The space-efficient townhouses (1,660 sq ft, with three bedrooms) are laid out over four levels and all have a decked terrace plus a courtyard garden at the rear. Called Clapham Road, the address is a well-connected inner-London patch – about a mile from Pimlico and only three stops on the Tube to the West End. Prices from £950,000, including underground parking. Call 020 7582 5517, or visit galliardhomes.com.

Fly into Heathrow and you see why people like to live in the leafy outer reaches of south-west London – the meandering Thames, the commons and the great green tract of Richmond Park. Despite the road congestion, for many this is the ideal London location.

Mortlake, famously the finishing line for the annual boat race, is cheaper than Richmond and its affluent satellites Ham and Petersham. Trinity Mews is a rare new development close to the waterfront: 76 homes, including apartments and mews-style houses with sought-after off-street parking or a garage. Prices from £675,000. Call Shanly Homes on 020 8876 0152.
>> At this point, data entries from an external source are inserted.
Lemma beta_inj n p q : valid_pair n p -> valid_pair n q ->
  beta n p.1 p.2 = beta n q.1 q.2 -> p = q.
Proof.
case: p q => [i j] [i' j']; rewrite /valid_pair /= => Hp Hq E.
have coordE x : 0 < x <= n -> exists2 k : 'I_n, k.+1 = x & beta n i j k = beta n i' j' k.
  by case/ord_of => k Hk; exists k => //; rewrite E.
have Ei : i = i'.
  by case: (ltngtP i i') => // H; [case: (coordE i) | case: (coordE i')];
    [lia | move=> k Hk; coord | lia | move=> k Hk; coord].
have Ej : j = j'.
  by case: (ltngtP j j') => // H; [case: (coordE j) | case: (coordE j')];
    [lia | move=> k Hk; coord | lia | move=> k Hk; coord].
by rewrite Ei Ej.
Qed.

Lemma alpha1_inj n l l' : 0 < l <= n -> 0 < l' <= n -> alpha n 1 l = alpha n 1 l' -> l = l'.
Proof.
move=> Hl Hl' E; have coordE (k : 'I_n) := congr1 (fun v : vec n => v k) E.
case: (ltngtP l l') => // H; [case: (@ord_of n l') | case: (@ord_of n l)];
  by [lia | move=> k Hk; move: (coordE k); coord].
Qed.

Lemma alpha_ne_beta n l p : valid_pair n p -> alpha n 1 l != beta n p.1 p.2.
Proof.
rewrite /valid_pair => Hp; apply/eqP => E.
have [k Hk] : exists k : 'I_n, k.+1 = n by apply: ord_of; lia.
by move: (congr1 (fun v : vec n => v k) E); coord.
Qed.

Lemma incomparable_betas n p q : ~~ rle (beta n p.1 p.2) (beta n q.1 q.2) ->
  ~~ rle (beta n q.1 q.2) (beta n p.1 p.2) -> encloses p q || encloses q p.
Proof.
case: p q => [i j] [i' j'] /= H1 H2; apply/contraT; rewrite /encloses /= => Hno.
have [[Hi Hj]|[Hi Hj]] : (i' <= i /\ j' <= j) \/ (i <= i' /\ j <= j') by lia.
  by rewrite rle_beta in H1.
by rewrite rle_beta in H2.
Qed.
Kew Bridge, between Mortlake and Richmond, has 164 riverside apartments with views across the Thames to the splendid Royal Botanic Gardens. Prices in the latest release range from £499,950 to £3m. Call St George on 020 8995 6669.
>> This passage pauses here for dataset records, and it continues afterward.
(* Let $\mathbb F$ be a field of odd characteristic or characteristic $0$, and let $\overline{\mathbb F}=\mathbb F[i]$ (equal to $\mathbb F$ if $-1$ is a square in $\mathbb F$). Let $A\subset\mathbb F^3$ be a finite set and $r\in\mathbb F$. For $a=(x,y,z)\in A$, let $l_r(a)$ be the line in $\mathbb P^3(\overline{\mathbb F})$ with Plücker vector $$[1:r-z:x-iy:r^2-\|a\|^2:-(r+z):x+iy],\qquad \|a\|:=x^2+y^2+z^2.$$ (i) Let $A'\subseteq A$ have at least two points. If the lines $l_r(a)$, $a\in A'$, all pass through a common point of $\mathbb P^3(\overline{\mathbb F})$, then all points of $A'$ lie on a single isotropic line in $\mathbb F^3$. The same conclusion holds if these lines all lie in a common plane of $\mathbb P^3(\overline{\mathbb F})$. (ii) Suppose $-1$ is not a square in $\mathbb F$, and let $r_1,r_2\in\mathbb F$ be distinct and nonzero. Then there do not exist two distinct points $a,a'\in A$ and two distinct points $b,b'\in A$ such that $l_{r_1}(a),l_{r_1}(a'),l_{r_2}(b),l_{r_2}(b')$ all pass through one common point of $\mathbb P^3(\overline{\mathbb F})$. Likewise, there do not exist such points for which these four lines all lie in one common plane.
   Context: Plücker coordinates: a line through two distinct points $(x_0:\dots:x_3)$ and $(y_0:\dots:y_3)$ of $\mathbb P^3$ has Plücker vector $$[P_{01}:P_{02}:P_{03}:P_{23}:P_{31}:P_{12}]=[\boldsymbol\omega:\boldsymbol v],\qquad P_{ij}=x_iy_j-x_jy_i.$$ For a line not at infinity, $\boldsymbol\omega$ is its direction vector. A line in $\mathbb F^3$ is isotropic if its direction vector $\boldsymbol\omega$ satisfies $\boldsymbol\omega\cdot\boldsymbol\omega=0$. *)

From HB Require Import structures.
From mathcomp Require Import all_boot all_order all_algebra.
Set Implicit Arguments. Unset Strict Implicit. Unset Printing Implicit Defensive.
Import GRing.Theory.
Local Open Scope ring_scope.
Hatfield House is an imposing Victorian villa in Twickenham's Cambridge Park conservation quarter. Thirteen apartments have been carved from the building, which sits in mature landscaped grounds. Prices from £325,000. Call Featherstone Leigh on 020 8940 1575.

Garrison chic

Officers' Mess is a collection of 11 restored listed houses at former Shoebury Garrison in Essex, a 180-acre coastal site with its own nature reserves and protected wetlands. It is about an hour by train to Fenchurch Street.

Inaccessible to the public for most of the past 150 years, the garrison became a weapons-testing centre in 1850 and later a barracks occupied by hundreds of military personnel and their families. It's a self-contained community with its own hospital, chapel, cricket pitch and parade ground.

Today it is an upmarket housing estate with 50 Victorian buildings alongside new-build cottages and strikingly modern waterside apartments. The estate's architecture and layout remain largely as originally designed. Buildings are well spread out, there are wide, tree-lined roads, open spaces and sea views.

Officers' Mess houses are tastefully refurbished with vaulted ceilings, tall sash windows, oak panelling and decorative plasterwork. The biggest house has 5,554sq ft of space. Prices start at £795,000. Call estate agent Fine on 01702 826037.

Fitzrovia Apartments, a hospital redevelopment in Bolsover Street, has the kudos of being designed by architectural firm MAKE. The scheme raises the bar in terms of design quality, while integrating a number of uses, including a new medical outpatients facility plus studio offices and 42 private apartments around a landscaped courtyard. Prices from £750,000. Call Knight Frank on 020 7861 5499.

Development creep along the Battersea and Wandsworth waterfront means that the two places are meeting in the middle. Sesame Apartments, by Thornsett Group, near the popular Battersea Square hub of restaurants, bars and cafés is the latest addition – 73 homes, including live-work units. With a glass-topped atrium and mosaic façade, it is set to make an architectural splash. Prices from £285,000. Completion is due in September 2013. Call Lauristons on 0870 600 3690.